Shephard (2010: 1) assumption that ‘neither war nor peace is the natural state of the world’ invites us to reconfigure the meaning of such processes. Our world, he suggests, exists somewhere in the middle of peace and conflict. This conceptualisation of a peace process as something perhaps infinite with no clear and obvious ‘end’, at least in a quantifiable sense, points to the intractable nature of many modern conflicts. Furthermore, it presents peace and conflict as shifting states of being susceptible to change. If we accept that many conflicts are zero-sum in nature and therefore cannot truly be ‘resolved’ in a way that satisfies the needs and aspirations of each actor, perhaps it would be more favourable to interpret a peace process as something which works towards achieving a middle ground such as non-violence, tolerance and an opportunity for change. But in order to find that middle ground, peace processes must look to the past – to the violence, division and origins of conflict – and construct (or deconstruct) it in such a way as to allow society to move forward. Yet the past in all its many guises – as memory, as heritage (defined as the negotiation of the past in the present), as commemoration embodying a range of practices such as performance, ceremony, written word and art, and as memorialisation (that is, the physical marking of memory through memorials, monuments and street names) – can be problematic, particularly within the context of peace-building. But can memory and its many uses threaten to undermine or derail a peace process in any real or tangible way? This book explores the impact that memory and its multidimensional uses in the present as heritage and commemoration might have on the practice of making peace and asks whether there is any merit in the idea that it can often serve to undermine the journey forward to some middle ground.
While the literature has gone some way in identifying the issues that could potentially undermine what is a tentative process in transitional societies, we suggest that it has sometimes fallen short somewhat of considering the influences of memory and its cognate identity in any real detail, which are often integral components of conflict in the first instance. This book questions whether there is leverage in the idea that commemoration and memorialisation which involve both intangible representations and tangible material forms, and which speak both internally in cementing cultural belongingness within communities and externally in what is often an act of resistance, can propagate or even reactivate conflict and division through maintaining territorial claims and identity homogeneity, often constituting a ‘war by other means’. This key question is informed in part by the fact that just because the actors in a conflict and their supporters are prepared to disengage from violence does not necessarily mean that they are willing to shelve their political objectives or that their antipathy towards each other has diminished (MacGinty 2003). If a peace process is to be regarded as a transition from conflict – often stemming from ethnicity – to democratic structures and accountability and a means of – if not reconciling – at least accommodating different cultural identities, the participants have a philosophical and practical challenge. They have engaged in violence in pursuit of particular ideological aims, they have visited death, destruction and suffering upon many in the name of that ideology, but a negotiation with the ‘other’ requires that those beliefs be compromised without, however, jeopardising bedrock political support in a situation in which it is no longer acceptable to keep supporters ‘in line’ through threats of, or actual, violence.

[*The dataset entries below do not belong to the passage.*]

(* Let $h$ be a hospital and let $\mathrm{Ch}_h$ be the choice function that, given $X'\subseteq X_h$ (with $\mathrm{Ch}_h(\emptyset)=\emptyset$), sorts $X'$ in non-decreasing order of wage (ties broken by a fixed order) as $x^{(1)},\dots,x^{(|X'|)}$, starts with $Y=\emptyset$, for $i=1,\dots,|X'|-1$ adds $x^{(i)}$ to $Y$ if $w_h(Y\cup\{x^{(i)}\})<B_h$, then adds $x^{(|X'|)}$ to $Y$ and returns $Y$. Then for every $X'\subseteq X_h$, $w_h(\mathrm{Ch}_h(X'))<B_h+\overline{w}_h$.
   Context: Hospital $h$ has a finite set $X_h$ of contracts $x$ with wages $x_W$, $0<x_W\le B_h$, where $B_h>0$ is its budget. $w_h(Y)=\sum_{x\in Y}x_W$, $\overline{w}_h=\max_{x\in X_h}x_W$. *)

From mathcomp Require Import all_boot all_order all_algebra.
Set Implicit Arguments. Unset Strict Implicit. Unset Printing Implicit Defensive.
Import Order.TTheory GRing.Theory Num.Theory.
Local Open Scope ring_scope.

Section Hospital.
Variables (R : realFieldType) (T : finType).
(* T = X_h (contracts of hospital h); w x = x_W (wage); B = B_h (budget);
   tb = a fixed injective tie-breaking key. *)
Variables (w : T -> R) (B : R) (tb : T -> nat).

Definition wsum (Y : seq T) : R := \sum_(y <- Y) w y.

Definition wage_le : rel T :=
  fun x y => (w x < w y) || ((w x == w y) && (tb x <= tb y)%N).

Fixpoint greedy (Y : seq T) (s : seq T) : seq T :=
  match s with
  | [::] => Y
  | [:: x] => x :: Y
  | x :: s' => greedy (if wsum (x :: Y) < B then x :: Y else Y) s'
  end.

Definition Ch (X' : {set T}) : {set T} :=
  [set x in greedy [::] (sort wage_le (enum X'))].

Definition wset (Y : {set T}) : R := \sum_(x in Y) w x.

(* \overline{w}_h = max wage (0 if X_h is empty) *)
Definition wmax : R := \big[Num.max/0]_(x : T) w x.
End Hospital.

From mathcomp Require Import all_boot all_order all_algebra.
Set Implicit Arguments. Unset Strict Implicit. Unset Printing Implicit Defensive.
Import Order.TTheory GRing.Theory Num.Theory.
Local Open Scope ring_scope.

(* An element other than the last one is only added while the running total
   stays below B, so the total before the last step is < B; the last step adds
   one wage, which is at most wmax.  Passing from the list to the set it spans
   only drops duplicates, which cannot increase a sum of nonnegative wages. *)

Section Greedy.
Variables (R : realFieldType) (T : finType) (w : T -> R).

Lemma le_wmax x : w x <= wmax w.
Proof. by rewrite /wmax (bigD1 x) //= le_max lexx. Qed.

Lemma wmax_ge0 : 0 <= wmax w.
Proof. by rewrite /wmax; elim/big_rec: _ => // x m _ m_ge0; rewrite le_max m_ge0 orbT. Qed.

Lemma wsum_greedy_lt (B : R) (Y s : seq T) :
  wsum w Y < B -> wsum w (greedy w B Y s) < B + wmax w.
Proof.
elim: s Y => [|x [|y s] IHs] Y sumY_lt /=.
- by rewrite -[wsum w Y]addr0 ltr_leD // wmax_ge0.
- by rewrite /wsum big_cons -/(wsum w Y) addrC ltr_leD // le_wmax.
- by apply: IHs; case: ifP.
Qed.

Lemma wset_mem_seq (s : seq T) : wset w [set x in s] = wsum w (undup s).
Proof.
rewrite /wset /wsum (big_uniq _ (undup_uniq s)).
by apply: eq_bigl => x; rewrite inE mem_undup.
Qed.

Hypothesis w_ge0 : forall x, 0 <= w x.

Lemma wsum_undup_le (s : seq T) : wsum w (undup s) <= wsum w s.
Proof.
rewrite /wsum; elim: s => [|x s IHs] //=; rewrite big_cons.
case: (x \in s) => /=; last by rewrite big_cons lerD2l.
by rewrite -[X in X <= _]add0r lerD.
Qed.

Lemma wset_le_wsum (s : seq T) : wset w [set x in s] <= wsum w s.
Proof. by rewrite wset_mem_seq wsum_undup_le. Qed.

End Greedy.

Theorem lemma6 (R : realFieldType) (T : finType) (w : T -> R) (B : R)
  (tb : T -> nat) (tb_inj : injective tb)
  (B_pos : 0 < B) (w_pos : forall x, 0 < w x) (w_le_B : forall x, w x <= B)
  (X' : {set T}) :
  wset w (Ch w B tb X') < B + wmax w.
Proof.
have w_ge0 x : 0 <= w x by exact: ltW.
apply: le_lt_trans (wset_le_wsum w_ge0 _) _.
by apply: wsum_greedy_lt; rewrite /wsum big_nil.
Qed.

Commemoration and memorialisation may offer one such modus operandi which allows on-going fealty to the ‘cause’, often predicated on assumptions of victimhood, while also serving in its material manifestations to mark out the territorialisation upon which political support generally depends in conflictual and ‘ethnocratic’ societies (see Yiftachel and Ghanem 2005). Can physical violence then be replaced by a different form of conflict, often symbolic and inexorably bound to memory and identity, in which ‘confrontation is sought after ... and maintained, deliberately’ (Raento, 1997, 2002)? Based on the premise that material cultures have the specific capacity to mobilise and shape action (Hoskins 2007), we ask whether commemoration in particular as a dynamic yet disparate political resource can sometimes undermine efforts to reify peace through perpetuating or even reactivating conflict both intentionally or unintentionally in certain contexts and contingencies.
At the very least, warring parties in a peace process face considerable challenges in reconciling their partisan practices of commemoration and material landscapes of memorialisation, aimed at enhancing ethnic or group solidarity and integrity and territoriality, with the more pluralist context of a peace process. While they may not intend to wage or represent a ‘war by other means’, do they as a minimum perpetuate divisions through attributing blame or legitimating past violence? Space and place as we know are never neutral – they are socially constructed and will always embody political power, values and symbols, and, moreover, these will be contested between different voices and interpreters. Practices and sites of memory and heritage can often serve as contested icons of identity and spatialisations of memory that transform neutral spaces into sites of ideology. Indeed, armed conflict can often involve military attempts to eradicate memory through the physical destruction of the memoryscape. A further and crucial point is that the practices and processes of memory in peace processes may also intersect with the criminality of the past, of the killings by some in the name of all that may demand legally constituted punishment.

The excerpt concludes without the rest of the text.